Lemma swap_final_letter u w1 w2 p x s : swap w1 w2 -> final_letter u w1 p x s ->
  exists p' s', final_letter u w2 p' x s' /\ shuffle (p ++ s) (p' ++ s') /\
    forall x', C x' = u -> shuffle (p ++ x' :: s) (p' ++ x' :: s').
Proof.
  intros [a y z b Hyz] [Heq [Hx Hs]].
  apply app_eq_app in Heq as [l [[Ha Hl]|[Hp Hl]]]; destruct l as [|x0 l'];
    simpl in Hl; rewrite ?app_nil_r in *; [subst p|subst a|subst p|subst p].
  1,3: injection Hl; intros; subst; inversion Hs; subst; exists (a ++ [z]), b;
    split; [split; [app_norm|auto]|split; [app_norm; constructor|]];
    intros x' Hx'; app_norm; apply swap_shuffle; constructor; rewrite Hx'; auto.
  - injection Hl as -> ->. exists p, (l' ++ z :: y :: b).
    apply Forall_app in Hs as [H1 H2]. inversion H2; subst. inversion H4; subst.
    split; [split; [app_norm|split; auto; apply Forall_app; auto]|split].
    + rewrite !app_assoc. apply swap_shuffle. constructor. auto.
    + intros x' Hx'.
      replace (p ++ x' :: l' ++ y :: z :: b) with ((p ++ x' :: l') ++ y :: z :: b) by app_norm.
      replace (p ++ x' :: l' ++ z :: y :: b) with ((p ++ x' :: l') ++ z :: y :: b) by app_norm.
      apply swap_shuffle. constructor. auto.
  - injection Hl as <- Hl. destruct l' as [|z0 l''].
    + injection Hl as <- <-. exists a, (y :: b).
      split; [split; [reflexivity|split; auto; constructor; auto; subst; auto]|split].
      * app_norm. constructor.
      * intros x' Hx'. app_norm. apply swap_shuffle. constructor. rewrite Hx', <- Hx. exact Hyz.
    + injection Hl as <- ->. exists (a ++ z :: y :: l''), s.
      split; [split; [app_norm|auto]|split];
        [|intros x' Hx']; app_norm; apply swap_shuffle; constructor; auto.
Qed.

Lemma swap_no_final_letter u w1 w2 : swap w1 w2 -> no_final_letter u w1 -> no_final_letter u w2.
Proof.
  intros Hsw Hn p x s Hf. apply swap_sym in Hsw.
  destruct (swap_final_letter _ _ _ _ _ _ Hsw Hf) as [p' [s' [Hf' _]]]. eapply Hn; eauto.
Qed.

Definition mkX u (c : M u) (h : c <> mone (M u)) : X M := existT _ u (exist _ c h).

Lemma mkX_eq u c c' h h' : c = c' -> mkX u c h = mkX u c' h'.
Proof. intros ->. f_equal. apply proof_irrelevance. Qed.

Lemma mkX_inj u c c' h h' : mkX u c h = mkX u c' h' -> c = c'.
Proof. unfold mkX. intro H. apply inj_pair2 in H. exact (f_equal (@proj1_sig _ _) H). Qed.

Lemma letter_mkX u x : C x = u -> exists c hc, x = mkX u c hc.
Proof. destruct x as [u' [c hc]]. unfold C. simpl. intros <-. exists c, hc. reflexivity. Qed.

Definition mul_letter u (m : M u) (x : X M) (T : word) :=
  exists c hc, x = mkX u c hc /\
   ((exists h, T = [mkX u (mmul c m) h]) \/ (mmul c m = mone (M u) /\ T = [])).

Lemma mul_letter_exists u m x : C x = u -> exists T, mul_letter u m x T.
Proof.
  intros Hx. destruct (letter_mkX u x Hx) as [c [h ->]].
  destruct (classic (mmul c m = mone (M u))) as [H|H].
  - exists [], c, h. split; auto.
  - exists [mkX u _ H], c, h. split; eauto.
Qed.

Lemma mul_letter_det u m x T T' : mul_letter u m x T -> mul_letter u m x T' -> T = T'.
Proof.
  intros [c [hc [-> H1]]] [c' [hc' [Heq H2]]]. apply mkX_inj in Heq. subst c'.
  destruct H1 as [[h1 ->]|[e1 ->]]; destruct H2 as [[h2 ->]|[e2 ->]];
    try contradiction; try reflexivity.
  f_equal. apply mkX_eq. reflexivity.
Qed.

Lemma mul_letter_vertex u m x T : mul_letter u m x T -> Forall (fun y => C y = u) T.
Proof. intros [c [hc [_ [[h ->]|[_ ->]]]]]; auto. Qed.

Lemma mul_letter_keep u m c hc h : mul_letter u m (mkX u c hc) [mkX u (mmul c m) h].
Proof. exists c, hc. split; eauto. Qed.

Lemma mul_letter_cancel u m c hc :
  mmul c m = mone (M u) -> mul_letter u m (mkX u c hc) [].
Proof. intros. exists c, hc. split; eauto. Qed.

Lemma mul_letter_adj u u' n y T : mul_letter u' n y T -> E u' u ->
  Forall (fun z => E (C z) u) T.
Proof.
  intros HT He. apply mul_letter_vertex in HT.
  eapply Forall_impl; [|exact HT]. simpl. intros a ->. auto.
Qed.

Lemma mul_letter_shuffle u m x T p s p' s' : mul_letter u m x T ->
  shuffle (p ++ s) (p' ++ s') ->
  (forall x', C x' = u -> shuffle (p ++ x' :: s) (p' ++ x' :: s')) ->
  shuffle (p ++ T ++ s) (p' ++ T ++ s').
Proof. intros [c [hc [_ [[h ->]|[_ ->]]]]] H1 H2; simpl; auto. Qed.

Lemma final_letter_last u w x : C x = u -> final_letter u (w ++ [x]) w x [].
Proof. intros. split; auto. Qed.

Lemma final_letter_snoc u w p x s z : final_letter u w p x s -> E (C z) u ->
  final_letter u (w ++ [z]) p x (s ++ [z]).
Proof.
  intros [-> [Hx Hs]] Hz. split; [rewrite <- app_assoc; reflexivity|]. split; auto.
  apply Forall_app. auto.
Qed.

Lemma no_final_letter_snoc u w x : no_final_letter u w -> C x <> u ->
  no_final_letter u (w ++ [x]).
Proof.
  intros Hn Hx P y S [Heq [Hy HS]].
  destruct S as [|z S' _] using rev_ind.
  - apply app_inj_tail in Heq as [_ ->]. auto.
  - assert (Heq' : w ++ [x] = (P ++ y :: S') ++ [z])
      by (rewrite Heq, <- app_assoc; reflexivity).
    apply app_inj_tail in Heq' as [-> _]. apply (Hn P y S').
    split; auto. split; auto. apply Forall_app in HS. tauto.
Qed.

Lemma final_letters_order u u' w p x s P y S : u <> u' ->
  final_letter u w p x s -> final_letter u' w P y S ->
  (exists l, s = l ++ y :: S /\ P = p ++ x :: l) \/
  (exists l, p = P ++ y :: l /\ S = l ++ x :: s).
Proof.
  intros Hu [-> [Hx _]] [Heq [Hy _]].
  apply app_eq_app in Heq as [l [[Hp Hl]|[Hp Hl]]]; destruct l as [|z l'];
    simpl in Hl; injection Hl as Hz Hl; subst; try congruence; eauto.
Qed.

Lemma no_final_letter_replace u u' w p x s T : E u u' -> final_letter u w p x s ->
  no_final_letter u' w -> Forall (fun z => C z = u) T -> no_final_letter u' (p ++ T ++ s).
Proof.
  intros Huu [-> [Hx Hs]] Hn HT P y S [Heq [Hy HS]].
  assert (Hne : u <> u') by (intros <-; exact (E_irr _ Huu)).
  apply app_eq_app in Heq as [l [[Hp Hl]|[Hp Hl]]].
  - destruct l as [|z l'].
    + simpl in Hl. rewrite app_nil_r in Hp. subst P. destruct T as [|t T'].
      * simpl in Hl. subst s. apply (Hn (p ++ [x]) y S).
        split; [rewrite <- app_assoc; reflexivity|]. auto.
      * simpl in Hl. injection Hl as <- _. inversion HT; subst. congruence.
    + simpl in Hl. injection Hl as <- ->. subst p.
      apply (Hn P y (l' ++ x :: s)). split; [rewrite <- app_assoc; reflexivity|].
      split; auto.
      apply Forall_app in HS as [H1 H2]. apply Forall_app in H2 as [_ H3].
      apply Forall_app. split; auto. constructor; auto. rewrite Hx. auto.
  - apply app_eq_app in Hl as [l2 [[HT2 Hl2]|[HT2 Hl2]]].
    + destruct l2 as [|z l3].
      * simpl in Hl2. subst s. apply (Hn (p ++ [x]) y S).
        split; [rewrite <- app_assoc; reflexivity|]. auto.
      * simpl in Hl2. injection Hl2 as <- _. subst T. rewrite Forall_forall in HT.
        apply Hne. rewrite <- Hy. symmetry. apply HT. apply in_or_app. simpl. auto.
    + subst s. apply (Hn (p ++ x :: l2) y S).
      split; [rewrite <- app_assoc; reflexivity|]. auto.
Qed.

(* For reduced [w], [r] is a reduced expression of [eval w * l]. *)
Definition rmul (w : word) (l : letter M) (r : word) : Prop :=
  match l with existT _ u m =>
   (m = mone (M u) /\ r = w) \/
   (m <> mone (M u) /\ exists p x s T,
      final_letter u w p x s /\ mul_letter u m x T /\ r = p ++ T ++ s) \/
   (m <> mone (M u) /\ no_final_letter u w /\ exists h, r = w ++ [mkX u m h])
  end.

Notation L u m := (existT (fun v => mcarrier (M v)) u m).

Lemma rmul_one u w : rmul w (L u (mone (M u))) w.
Proof. simpl. left. auto. Qed.

Lemma rmul_final u m w p x s T : m <> mone (M u) -> final_letter u w p x s ->
  mul_letter u m x T -> rmul w (L u m) (p ++ T ++ s).
Proof. intros. simpl. right. left. split; auto. exists p, x, s, T. auto. Qed.

Lemma rmul_append u m w h : no_final_letter u w -> rmul w (L u m) (w ++ [mkX u m h]).
Proof. intros. simpl. right. right. split; auto. split; eauto. Qed.

Lemma rmul_total w l : exists r, rmul w l r.
Proof.
  destruct l as [u m].
  destruct (classic (m = mone (M u))) as [->|Hm]; [eexists; apply rmul_one|].
  destruct (final_letter_dec u w) as [[p [x [s Hf]]]|Hn].
  - destruct (mul_letter_exists u m x (proj1 (proj2 Hf))) as [T HT].
    eexists. exact (rmul_final _ _ _ _ _ _ _ Hm Hf HT).
  - eexists. exact (rmul_append u m w Hm Hn).
Qed.

Lemma rmul_det w l r r' : rmul w l r -> rmul w l r' -> r = r'.
Proof.
  destruct l as [u m].
  intros [[Hm ->]|[[Hm [p [x [s [T [Hf [HT ->]]]]]]]|[Hm [Hn [h ->]]]]]
         [[Hm' ->]|[[Hm' [p' [x' [s' [T' [Hf' [HT' ->]]]]]]]|[Hm' [Hn' [h' ->]]]]];
    try contradiction; auto.
  - destruct (final_letter_unique _ _ _ _ _ _ _ _ Hf Hf') as [<- [<- <-]].
    rewrite (mul_letter_det _ _ _ _ _ HT HT'). reflexivity.
  - exfalso. eapply Hn'; eauto.
  - exfalso. eapply Hn; eauto.
  - f_equal. f_equal. apply mkX_eq. reflexivity.
Qed.

Lemma rmul_final_inv w p x s u m r : final_letter u w p x s ->
  rmul w (L u m) r -> exists T, mul_letter u m x T /\ r = p ++ T ++ s.
Proof.
  intros Hf H. destruct (mul_letter_exists u m x (proj1 (proj2 Hf))) as [T HT].
  exists T. split; auto.
  destruct (classic (m = mone (M u))) as [->|Hm].
  - rewrite (rmul_det _ _ _ _ H (rmul_one u w)). destruct Hf as [-> _].
    destruct HT as [c [hc [-> [[h ->]|[Hc _]]]]]; [|rewrite mmulm1 in Hc; contradiction].
    simpl. do 2 f_equal. apply mkX_eq. symmetry. apply mmulm1.
  - exact (rmul_det _ _ _ _ H (rmul_final _ _ _ _ _ _ _ Hm Hf HT)).
Qed.

Lemma rmul_append_inv w u m r (Hm : m <> mone (M u)) : no_final_letter u w ->
  rmul w (L u m) r -> r = w ++ [mkX u m Hm].
Proof. intros Hn H. exact (rmul_det _ _ _ _ H (rmul_append _ _ _ Hm Hn)). Qed.

Lemma rmul_reduced w l r : reduced E w -> rmul w l r -> reduced E r.
Proof.
  intros Hr. destruct l as [u m].
  intros [[Hm ->]|[[Hm [p [x [s [T [Hf [HT ->]]]]]]]|[Hm [Hn [h ->]]]]]; auto.
  - destruct Hf as [-> [Hx Hs]]. destruct HT as [c [hc [Hxe [[h ->]|[_ ->]]]]].
    + simpl. eapply reduced_replace; eauto.
    + simpl. subst u. apply (reduced_delete_final _ _ _ Hr Hs).
  - apply reduced_snoc; auto.
Qed.

Lemma rmul_swap w1 w2 l r1 r2 : swap w1 w2 -> rmul w1 l r1 -> rmul w2 l r2 ->
  shuffle r1 r2.
Proof.
  intros Hsw H1 H2. destruct l as [u m].
  destruct H1 as [[Hm ->]|[[Hm [p [x [s [T [Hf [HT ->]]]]]]]|[Hm [Hn [h ->]]]]].
  - subst m. rewrite (rmul_det _ _ _ _ H2 (rmul_one u w2)). apply swap_shuffle. auto.
  - destruct (swap_final_letter _ _ _ _ _ _ Hsw Hf) as [p' [s' [Hf' [S1 S2]]]].
    rewrite (rmul_det _ _ _ _ H2 (rmul_final _ _ _ _ _ _ _ Hm Hf' HT)).
    eapply mul_letter_shuffle; eauto.
  - assert (Hn' : no_final_letter u w2) by (eapply swap_no_final_letter; eauto).
    rewrite (rmul_det _ _ _ _ H2 (rmul_append _ _ _ h Hn')).
    apply swap_shuffle, swap_app_r. auto.
Qed.

Lemma rmul_shuffle w1 w2 l r1 r2 : shuffle w1 w2 -> rmul w1 l r1 -> rmul w2 l r2 ->
  shuffle r1 r2.
Proof.
  intros Hs. revert r1 r2. induction Hs; intros r1 r2 H1 H2.
  - rewrite (rmul_det _ _ _ _ H1 H2). constructor.
  - destruct (rmul_total w2 l) as [r Hr]. eapply shuffle_trans.
    + eapply rmul_swap; eauto.
    + eapply IHHs; eauto.
Qed.

Lemma mul_letter_assoc u m n c hc h T : mul_letter u n (mkX u (mmul c m) h) T ->
  mul_letter u (mmul m n) (mkX u c hc) T.
Proof.
  intros [c' [hc' [Heq HT]]]. apply mkX_inj in Heq. subst c'.
  exists c, hc. split; auto. rewrite mmulA.
  destruct HT as [[h' ->]|[e ->]]; [left; eauto|right; auto].
Qed.

Lemma rmul_mul_cancel u m n w w1 w2 w3 p c hc s : n <> mone (M u) -> reduced E w ->
  final_letter u w p (mkX u c hc) s -> mmul c m = mone (M u) ->
  rmul w (L u m) w1 -> rmul w1 (L u n) w2 -> rmul w (L u (mmul m n)) w3 -> shuffle w2 w3.
Proof.
  intros Hn Hr Hf Hcm H1 H2 H3. pose proof Hf as [Hw [_ Hs]].
  destruct (rmul_final_inv _ _ _ _ _ _ _ Hf H1) as [T1 [HT1 ->]].
  rewrite (mul_letter_det _ _ _ _ _ HT1 (mul_letter_cancel _ _ _ _ Hcm)) in H2.
  destruct (reduced_delete_final p (mkX u c hc) s) as [_ Hnf1]; [rewrite <- Hw; auto|exact Hs|].
  rewrite (rmul_append_inv _ _ _ _ Hn Hnf1 H2).
  assert (Hcmn : mmul c (mmul m n) = n) by (rewrite mmulA, Hcm, mmul1m; reflexivity).
  assert (h : mmul c (mmul m n) <> mone (M u)) by (rewrite Hcmn; exact Hn).
  destruct (rmul_final_inv _ _ _ _ _ _ _ Hf H3) as [T3 [HT3 ->]].
  rewrite (mul_letter_det _ _ _ _ _ HT3 (mul_letter_keep _ _ _ _ h)), <- app_assoc.
  rewrite (mkX_eq _ _ _ h Hn Hcmn). apply shuffle_sym, shuffle_to_end. exact Hs.
Qed.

•••••

_WHAT THE EXERCISE ASKS:_ Up to and including the line with "exists a, (y :: b).", reproduce the material above exactly as it appears, starting from its first line.

_EXERCISE RESPONSE:_
Lemma swap_final_letter u w1 w2 p x s : swap w1 w2 -> final_letter u w1 p x s ->
  exists p' s', final_letter u w2 p' x s' /\ shuffle (p ++ s) (p' ++ s') /\
    forall x', C x' = u -> shuffle (p ++ x' :: s) (p' ++ x' :: s').
Proof.
  intros [a y z b Hyz] [Heq [Hx Hs]].
  apply app_eq_app in Heq as [l [[Ha Hl]|[Hp Hl]]]; destruct l as [|x0 l'];
    simpl in Hl; rewrite ?app_nil_r in *; [subst p|subst a|subst p|subst p].
  1,3: injection Hl; intros; subst; inversion Hs; subst; exists (a ++ [z]), b;
    split; [split; [app_norm|auto]|split; [app_norm; constructor|]];
    intros x' Hx'; app_norm; apply swap_shuffle; constructor; rewrite Hx'; auto.
  - injection Hl as -> ->. exists p, (l' ++ z :: y :: b).
    apply Forall_app in Hs as [H1 H2]. inversion H2; subst. inversion H4; subst.
    split; [split; [app_norm|split; auto; apply Forall_app; auto]|split].
    + rewrite !app_assoc. apply swap_shuffle. constructor. auto.
    + intros x' Hx'.
      replace (p ++ x' :: l' ++ y :: z :: b) with ((p ++ x' :: l') ++ y :: z :: b) by app_norm.
      replace (p ++ x' :: l' ++ z :: y :: b) with ((p ++ x' :: l') ++ z :: y :: b) by app_norm.
      apply swap_shuffle. constructor. auto.
  - injection Hl as <- Hl. destruct l' as [|z0 l''].
    + injection Hl as <- <-. exists a, (y :: b).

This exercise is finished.